◆ WHAT TO PRODUCE ◆
Filter the records below, keeping only lines with the string "Definition".

....

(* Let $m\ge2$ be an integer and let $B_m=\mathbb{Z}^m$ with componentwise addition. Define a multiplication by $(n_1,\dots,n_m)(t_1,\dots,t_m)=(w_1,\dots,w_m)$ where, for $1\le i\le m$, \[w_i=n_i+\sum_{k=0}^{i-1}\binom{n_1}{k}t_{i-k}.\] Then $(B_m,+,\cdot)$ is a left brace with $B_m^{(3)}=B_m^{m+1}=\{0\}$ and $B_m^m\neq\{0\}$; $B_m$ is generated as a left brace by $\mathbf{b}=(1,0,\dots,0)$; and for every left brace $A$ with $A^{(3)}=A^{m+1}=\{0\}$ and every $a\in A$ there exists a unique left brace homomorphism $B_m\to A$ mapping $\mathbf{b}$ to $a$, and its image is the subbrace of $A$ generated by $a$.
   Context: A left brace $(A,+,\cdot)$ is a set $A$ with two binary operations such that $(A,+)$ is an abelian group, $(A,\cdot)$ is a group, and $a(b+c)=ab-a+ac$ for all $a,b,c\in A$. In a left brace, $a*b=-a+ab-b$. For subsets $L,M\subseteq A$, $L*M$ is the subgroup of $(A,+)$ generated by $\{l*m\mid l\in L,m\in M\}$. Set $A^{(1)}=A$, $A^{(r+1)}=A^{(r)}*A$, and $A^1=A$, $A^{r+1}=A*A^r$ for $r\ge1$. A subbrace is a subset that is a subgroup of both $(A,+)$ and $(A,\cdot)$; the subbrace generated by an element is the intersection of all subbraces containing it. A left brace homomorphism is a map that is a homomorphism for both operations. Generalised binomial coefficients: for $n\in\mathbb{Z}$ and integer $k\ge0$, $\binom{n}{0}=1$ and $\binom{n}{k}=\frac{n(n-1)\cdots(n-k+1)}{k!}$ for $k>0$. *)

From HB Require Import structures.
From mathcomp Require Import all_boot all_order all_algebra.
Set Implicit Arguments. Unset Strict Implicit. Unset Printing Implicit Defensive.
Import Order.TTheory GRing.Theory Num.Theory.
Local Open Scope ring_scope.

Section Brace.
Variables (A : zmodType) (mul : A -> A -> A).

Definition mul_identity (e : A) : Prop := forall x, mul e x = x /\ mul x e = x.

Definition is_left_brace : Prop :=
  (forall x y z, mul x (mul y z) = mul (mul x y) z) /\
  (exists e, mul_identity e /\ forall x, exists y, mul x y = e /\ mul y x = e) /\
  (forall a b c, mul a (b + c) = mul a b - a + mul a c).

....

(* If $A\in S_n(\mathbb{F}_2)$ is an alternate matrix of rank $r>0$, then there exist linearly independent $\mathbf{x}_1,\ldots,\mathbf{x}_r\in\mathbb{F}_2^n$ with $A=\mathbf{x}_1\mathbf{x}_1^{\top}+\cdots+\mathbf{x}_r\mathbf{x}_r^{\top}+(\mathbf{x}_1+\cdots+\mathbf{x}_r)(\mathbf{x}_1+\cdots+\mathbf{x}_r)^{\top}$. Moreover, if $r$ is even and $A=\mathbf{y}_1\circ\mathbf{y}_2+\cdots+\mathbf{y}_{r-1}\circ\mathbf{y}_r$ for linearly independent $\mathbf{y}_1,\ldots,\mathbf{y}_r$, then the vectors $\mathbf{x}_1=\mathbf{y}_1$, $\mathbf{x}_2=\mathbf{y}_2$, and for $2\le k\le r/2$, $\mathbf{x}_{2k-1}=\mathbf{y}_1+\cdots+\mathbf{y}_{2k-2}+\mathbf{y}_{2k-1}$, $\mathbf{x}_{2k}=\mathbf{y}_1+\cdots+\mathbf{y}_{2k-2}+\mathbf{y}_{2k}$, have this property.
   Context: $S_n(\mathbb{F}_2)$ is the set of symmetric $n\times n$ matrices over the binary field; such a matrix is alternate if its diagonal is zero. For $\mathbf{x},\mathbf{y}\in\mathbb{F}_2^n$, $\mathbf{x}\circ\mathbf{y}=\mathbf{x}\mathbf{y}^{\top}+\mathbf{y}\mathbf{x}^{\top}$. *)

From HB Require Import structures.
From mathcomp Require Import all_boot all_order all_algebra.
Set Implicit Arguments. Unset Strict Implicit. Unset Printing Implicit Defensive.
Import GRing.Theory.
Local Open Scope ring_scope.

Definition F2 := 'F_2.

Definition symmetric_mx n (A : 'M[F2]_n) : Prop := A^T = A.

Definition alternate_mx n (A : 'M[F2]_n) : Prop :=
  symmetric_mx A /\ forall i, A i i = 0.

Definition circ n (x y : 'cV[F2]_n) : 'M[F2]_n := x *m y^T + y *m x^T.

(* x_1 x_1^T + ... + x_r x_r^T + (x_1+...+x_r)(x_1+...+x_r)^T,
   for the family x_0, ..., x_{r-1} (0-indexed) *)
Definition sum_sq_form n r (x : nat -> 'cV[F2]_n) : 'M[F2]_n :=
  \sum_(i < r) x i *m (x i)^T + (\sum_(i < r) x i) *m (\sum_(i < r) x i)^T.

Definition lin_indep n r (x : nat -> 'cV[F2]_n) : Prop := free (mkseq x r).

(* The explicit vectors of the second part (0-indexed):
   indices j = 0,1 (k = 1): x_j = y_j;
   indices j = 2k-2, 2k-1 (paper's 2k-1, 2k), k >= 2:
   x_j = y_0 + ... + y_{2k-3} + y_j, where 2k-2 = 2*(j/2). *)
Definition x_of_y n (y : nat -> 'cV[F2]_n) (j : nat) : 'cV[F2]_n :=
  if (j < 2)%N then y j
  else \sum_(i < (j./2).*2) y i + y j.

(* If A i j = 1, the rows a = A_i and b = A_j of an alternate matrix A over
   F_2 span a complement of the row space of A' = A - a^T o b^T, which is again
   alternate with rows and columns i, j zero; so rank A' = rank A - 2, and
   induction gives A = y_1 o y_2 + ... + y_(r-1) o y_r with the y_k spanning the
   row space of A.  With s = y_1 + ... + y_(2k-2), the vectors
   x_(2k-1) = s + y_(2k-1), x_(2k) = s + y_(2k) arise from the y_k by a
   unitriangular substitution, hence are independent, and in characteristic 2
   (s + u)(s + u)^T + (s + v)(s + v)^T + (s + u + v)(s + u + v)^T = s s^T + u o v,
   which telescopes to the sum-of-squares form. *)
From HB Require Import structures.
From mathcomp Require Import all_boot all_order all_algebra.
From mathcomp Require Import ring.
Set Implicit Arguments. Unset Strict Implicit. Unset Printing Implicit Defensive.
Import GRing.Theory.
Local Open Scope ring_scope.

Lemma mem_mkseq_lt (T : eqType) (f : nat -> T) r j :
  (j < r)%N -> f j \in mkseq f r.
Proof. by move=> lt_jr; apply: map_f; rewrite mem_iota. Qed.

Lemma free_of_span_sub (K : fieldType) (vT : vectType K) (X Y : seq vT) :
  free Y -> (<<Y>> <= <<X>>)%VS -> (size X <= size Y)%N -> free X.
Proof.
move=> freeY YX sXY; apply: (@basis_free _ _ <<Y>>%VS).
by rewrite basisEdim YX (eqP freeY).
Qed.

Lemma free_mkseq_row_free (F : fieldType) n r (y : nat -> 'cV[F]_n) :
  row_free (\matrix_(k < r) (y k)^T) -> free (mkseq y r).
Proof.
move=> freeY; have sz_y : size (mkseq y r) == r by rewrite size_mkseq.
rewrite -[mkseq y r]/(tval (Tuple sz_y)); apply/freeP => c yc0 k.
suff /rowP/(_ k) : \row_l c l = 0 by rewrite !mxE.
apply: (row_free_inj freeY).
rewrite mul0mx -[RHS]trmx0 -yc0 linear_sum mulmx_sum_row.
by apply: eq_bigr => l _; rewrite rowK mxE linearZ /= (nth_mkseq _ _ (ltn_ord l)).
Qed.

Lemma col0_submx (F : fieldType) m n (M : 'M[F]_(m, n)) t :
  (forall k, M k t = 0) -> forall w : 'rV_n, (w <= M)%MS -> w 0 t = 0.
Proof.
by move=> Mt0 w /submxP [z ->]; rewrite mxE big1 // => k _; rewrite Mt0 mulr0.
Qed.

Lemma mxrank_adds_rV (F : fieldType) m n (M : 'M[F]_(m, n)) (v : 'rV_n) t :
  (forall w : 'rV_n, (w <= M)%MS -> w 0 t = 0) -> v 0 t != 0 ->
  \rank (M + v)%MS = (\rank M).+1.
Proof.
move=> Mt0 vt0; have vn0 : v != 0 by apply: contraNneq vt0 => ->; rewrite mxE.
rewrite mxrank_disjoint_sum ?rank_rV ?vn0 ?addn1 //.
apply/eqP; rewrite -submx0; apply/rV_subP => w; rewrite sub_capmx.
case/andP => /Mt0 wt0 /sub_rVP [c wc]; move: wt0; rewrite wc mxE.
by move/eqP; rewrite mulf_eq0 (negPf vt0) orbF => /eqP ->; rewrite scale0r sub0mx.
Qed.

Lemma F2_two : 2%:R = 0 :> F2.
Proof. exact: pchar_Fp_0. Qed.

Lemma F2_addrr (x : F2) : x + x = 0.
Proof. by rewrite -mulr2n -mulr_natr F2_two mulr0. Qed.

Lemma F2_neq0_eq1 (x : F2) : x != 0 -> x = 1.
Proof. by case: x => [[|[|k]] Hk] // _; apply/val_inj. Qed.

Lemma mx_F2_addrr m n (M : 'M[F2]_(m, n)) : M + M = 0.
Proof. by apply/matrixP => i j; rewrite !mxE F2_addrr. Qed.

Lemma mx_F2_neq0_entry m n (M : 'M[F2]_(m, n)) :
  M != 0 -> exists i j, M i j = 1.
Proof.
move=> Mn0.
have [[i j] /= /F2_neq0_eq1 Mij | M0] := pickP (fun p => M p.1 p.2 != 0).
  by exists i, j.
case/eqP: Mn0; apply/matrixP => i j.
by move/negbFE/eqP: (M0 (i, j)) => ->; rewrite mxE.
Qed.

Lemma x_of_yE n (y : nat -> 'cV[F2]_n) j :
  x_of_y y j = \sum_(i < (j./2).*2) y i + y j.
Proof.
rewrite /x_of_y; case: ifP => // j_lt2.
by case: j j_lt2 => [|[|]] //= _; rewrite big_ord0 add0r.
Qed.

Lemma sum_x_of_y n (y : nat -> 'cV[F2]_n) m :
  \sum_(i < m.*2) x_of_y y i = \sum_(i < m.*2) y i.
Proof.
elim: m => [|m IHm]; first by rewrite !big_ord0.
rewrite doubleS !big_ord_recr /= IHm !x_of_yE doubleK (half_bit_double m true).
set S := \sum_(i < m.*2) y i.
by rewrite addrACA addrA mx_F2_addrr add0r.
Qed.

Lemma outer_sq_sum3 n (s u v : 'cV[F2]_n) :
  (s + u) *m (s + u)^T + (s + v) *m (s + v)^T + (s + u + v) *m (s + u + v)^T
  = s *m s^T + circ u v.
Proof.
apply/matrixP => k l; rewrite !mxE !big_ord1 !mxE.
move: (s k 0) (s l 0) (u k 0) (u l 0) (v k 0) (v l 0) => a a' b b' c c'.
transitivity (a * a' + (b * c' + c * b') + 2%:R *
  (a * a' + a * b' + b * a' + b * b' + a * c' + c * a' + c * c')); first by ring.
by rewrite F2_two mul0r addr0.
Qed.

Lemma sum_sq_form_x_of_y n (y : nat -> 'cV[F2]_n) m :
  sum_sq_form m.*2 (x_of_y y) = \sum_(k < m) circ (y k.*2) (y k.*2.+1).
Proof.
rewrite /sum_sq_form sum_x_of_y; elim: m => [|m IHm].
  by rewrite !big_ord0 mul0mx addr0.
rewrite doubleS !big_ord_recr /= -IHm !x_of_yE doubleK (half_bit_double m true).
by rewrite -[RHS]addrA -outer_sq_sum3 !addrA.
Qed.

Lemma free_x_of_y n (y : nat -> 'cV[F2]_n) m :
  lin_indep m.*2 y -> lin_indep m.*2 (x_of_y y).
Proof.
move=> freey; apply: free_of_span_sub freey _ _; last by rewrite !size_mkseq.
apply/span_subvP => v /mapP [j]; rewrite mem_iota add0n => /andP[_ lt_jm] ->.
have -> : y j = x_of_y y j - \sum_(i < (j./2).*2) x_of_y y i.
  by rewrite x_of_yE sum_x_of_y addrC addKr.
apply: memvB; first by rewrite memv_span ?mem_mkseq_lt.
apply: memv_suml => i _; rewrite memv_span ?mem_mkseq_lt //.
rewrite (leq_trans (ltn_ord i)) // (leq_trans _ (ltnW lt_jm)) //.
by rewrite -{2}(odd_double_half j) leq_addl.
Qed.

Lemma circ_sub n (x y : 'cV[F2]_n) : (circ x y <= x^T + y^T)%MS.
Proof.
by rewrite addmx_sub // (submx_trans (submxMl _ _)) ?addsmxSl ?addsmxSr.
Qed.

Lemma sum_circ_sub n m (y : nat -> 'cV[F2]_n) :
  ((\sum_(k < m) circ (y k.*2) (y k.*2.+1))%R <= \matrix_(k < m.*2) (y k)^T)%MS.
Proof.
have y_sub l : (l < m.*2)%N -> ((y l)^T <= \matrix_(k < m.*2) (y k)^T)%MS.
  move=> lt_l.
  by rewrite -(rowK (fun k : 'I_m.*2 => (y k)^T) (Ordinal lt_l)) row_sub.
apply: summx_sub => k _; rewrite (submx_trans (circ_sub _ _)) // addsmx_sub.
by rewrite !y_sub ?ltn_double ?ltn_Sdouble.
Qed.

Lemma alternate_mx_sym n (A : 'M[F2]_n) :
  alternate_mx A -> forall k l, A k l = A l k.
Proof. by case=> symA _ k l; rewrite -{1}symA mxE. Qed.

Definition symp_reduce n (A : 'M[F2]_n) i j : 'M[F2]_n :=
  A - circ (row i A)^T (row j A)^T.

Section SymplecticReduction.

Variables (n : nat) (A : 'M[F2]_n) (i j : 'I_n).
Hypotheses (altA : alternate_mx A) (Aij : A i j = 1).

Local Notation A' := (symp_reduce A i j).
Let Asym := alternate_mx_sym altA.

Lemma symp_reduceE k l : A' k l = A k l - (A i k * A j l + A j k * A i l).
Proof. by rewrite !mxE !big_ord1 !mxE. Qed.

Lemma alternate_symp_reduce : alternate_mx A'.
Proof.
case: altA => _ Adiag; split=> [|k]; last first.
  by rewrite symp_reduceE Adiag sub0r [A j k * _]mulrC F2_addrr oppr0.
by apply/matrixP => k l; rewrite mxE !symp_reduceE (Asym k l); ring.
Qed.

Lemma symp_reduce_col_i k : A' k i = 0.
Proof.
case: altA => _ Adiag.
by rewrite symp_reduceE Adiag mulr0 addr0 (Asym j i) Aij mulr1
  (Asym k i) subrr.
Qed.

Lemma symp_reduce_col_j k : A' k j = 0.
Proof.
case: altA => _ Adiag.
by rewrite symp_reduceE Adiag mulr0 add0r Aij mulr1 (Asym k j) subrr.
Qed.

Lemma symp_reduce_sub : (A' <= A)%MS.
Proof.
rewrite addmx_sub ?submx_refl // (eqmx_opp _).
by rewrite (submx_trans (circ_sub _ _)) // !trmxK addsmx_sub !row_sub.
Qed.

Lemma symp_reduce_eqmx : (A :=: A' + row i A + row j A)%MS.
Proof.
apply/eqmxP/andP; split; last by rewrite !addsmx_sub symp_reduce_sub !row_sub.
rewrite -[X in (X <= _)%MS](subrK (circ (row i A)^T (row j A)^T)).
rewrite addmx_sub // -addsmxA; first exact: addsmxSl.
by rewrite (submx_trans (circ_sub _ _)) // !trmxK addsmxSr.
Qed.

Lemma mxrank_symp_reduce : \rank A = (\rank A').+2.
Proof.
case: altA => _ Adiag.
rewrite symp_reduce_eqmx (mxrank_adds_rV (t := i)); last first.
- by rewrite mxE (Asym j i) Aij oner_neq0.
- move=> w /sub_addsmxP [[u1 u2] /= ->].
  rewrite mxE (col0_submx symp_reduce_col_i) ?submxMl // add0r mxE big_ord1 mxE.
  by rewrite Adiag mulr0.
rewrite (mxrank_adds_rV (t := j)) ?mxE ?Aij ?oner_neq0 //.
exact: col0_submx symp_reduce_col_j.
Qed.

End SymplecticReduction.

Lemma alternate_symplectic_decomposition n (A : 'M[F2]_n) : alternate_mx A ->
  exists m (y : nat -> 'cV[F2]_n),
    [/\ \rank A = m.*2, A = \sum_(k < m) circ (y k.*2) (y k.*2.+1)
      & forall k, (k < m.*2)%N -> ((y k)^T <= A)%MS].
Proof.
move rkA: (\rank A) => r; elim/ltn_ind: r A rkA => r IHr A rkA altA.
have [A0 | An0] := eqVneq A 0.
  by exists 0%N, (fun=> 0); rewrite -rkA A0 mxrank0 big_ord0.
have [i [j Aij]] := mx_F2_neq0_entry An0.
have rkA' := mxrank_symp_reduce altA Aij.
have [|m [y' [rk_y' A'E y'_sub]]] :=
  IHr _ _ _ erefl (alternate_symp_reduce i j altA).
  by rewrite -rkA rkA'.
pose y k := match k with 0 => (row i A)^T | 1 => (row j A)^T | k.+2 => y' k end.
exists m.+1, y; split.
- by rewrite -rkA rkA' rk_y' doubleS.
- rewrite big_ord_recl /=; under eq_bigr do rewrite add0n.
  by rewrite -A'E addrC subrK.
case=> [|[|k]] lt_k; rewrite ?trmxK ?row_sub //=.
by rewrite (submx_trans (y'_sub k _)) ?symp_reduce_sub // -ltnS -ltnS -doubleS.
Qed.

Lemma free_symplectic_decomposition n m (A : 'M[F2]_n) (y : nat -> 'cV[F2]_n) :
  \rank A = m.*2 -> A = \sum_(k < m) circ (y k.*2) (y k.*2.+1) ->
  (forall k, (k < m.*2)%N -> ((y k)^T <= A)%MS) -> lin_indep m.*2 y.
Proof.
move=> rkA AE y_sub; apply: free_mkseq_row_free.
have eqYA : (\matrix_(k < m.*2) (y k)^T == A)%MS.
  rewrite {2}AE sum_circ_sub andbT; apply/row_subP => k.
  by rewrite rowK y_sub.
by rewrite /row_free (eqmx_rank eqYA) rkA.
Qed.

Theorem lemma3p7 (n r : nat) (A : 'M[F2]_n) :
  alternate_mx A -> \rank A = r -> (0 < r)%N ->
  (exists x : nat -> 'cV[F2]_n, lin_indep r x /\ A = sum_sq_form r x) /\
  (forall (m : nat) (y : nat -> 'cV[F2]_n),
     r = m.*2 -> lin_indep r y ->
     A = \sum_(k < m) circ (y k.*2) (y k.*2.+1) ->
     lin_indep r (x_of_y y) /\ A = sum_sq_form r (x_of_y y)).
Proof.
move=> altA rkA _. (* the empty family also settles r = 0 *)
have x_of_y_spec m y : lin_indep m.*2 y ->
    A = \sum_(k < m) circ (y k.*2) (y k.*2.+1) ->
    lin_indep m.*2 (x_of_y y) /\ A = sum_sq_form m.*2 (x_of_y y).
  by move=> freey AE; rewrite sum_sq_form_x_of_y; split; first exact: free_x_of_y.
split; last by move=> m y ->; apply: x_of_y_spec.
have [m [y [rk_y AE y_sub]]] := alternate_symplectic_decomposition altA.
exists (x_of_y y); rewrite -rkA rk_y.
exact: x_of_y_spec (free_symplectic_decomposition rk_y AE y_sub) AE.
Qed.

....

◆ RESULT FOR THIS TASK ◆
Definition mul_identity (e : A) : Prop := forall x, mul e x = x /\ mul x e = x.
Definition is_left_brace : Prop :=
Definition F2 := 'F_2.
Definition symmetric_mx n (A : 'M[F2]_n) : Prop := A^T = A.
Definition alternate_mx n (A : 'M[F2]_n) : Prop :=
Definition circ n (x y : 'cV[F2]_n) : 'M[F2]_n := x *m y^T + y *m x^T.
Definition sum_sq_form n r (x : nat -> 'cV[F2]_n) : 'M[F2]_n :=
Definition lin_indep n r (x : nat -> 'cV[F2]_n) : Prop := free (mkseq x r).
Definition x_of_y n (y : nat -> 'cV[F2]_n) (j : nat) : 'cV[F2]_n :=
Definition symp_reduce n (A : 'M[F2]_n) i j : 'M[F2]_n :=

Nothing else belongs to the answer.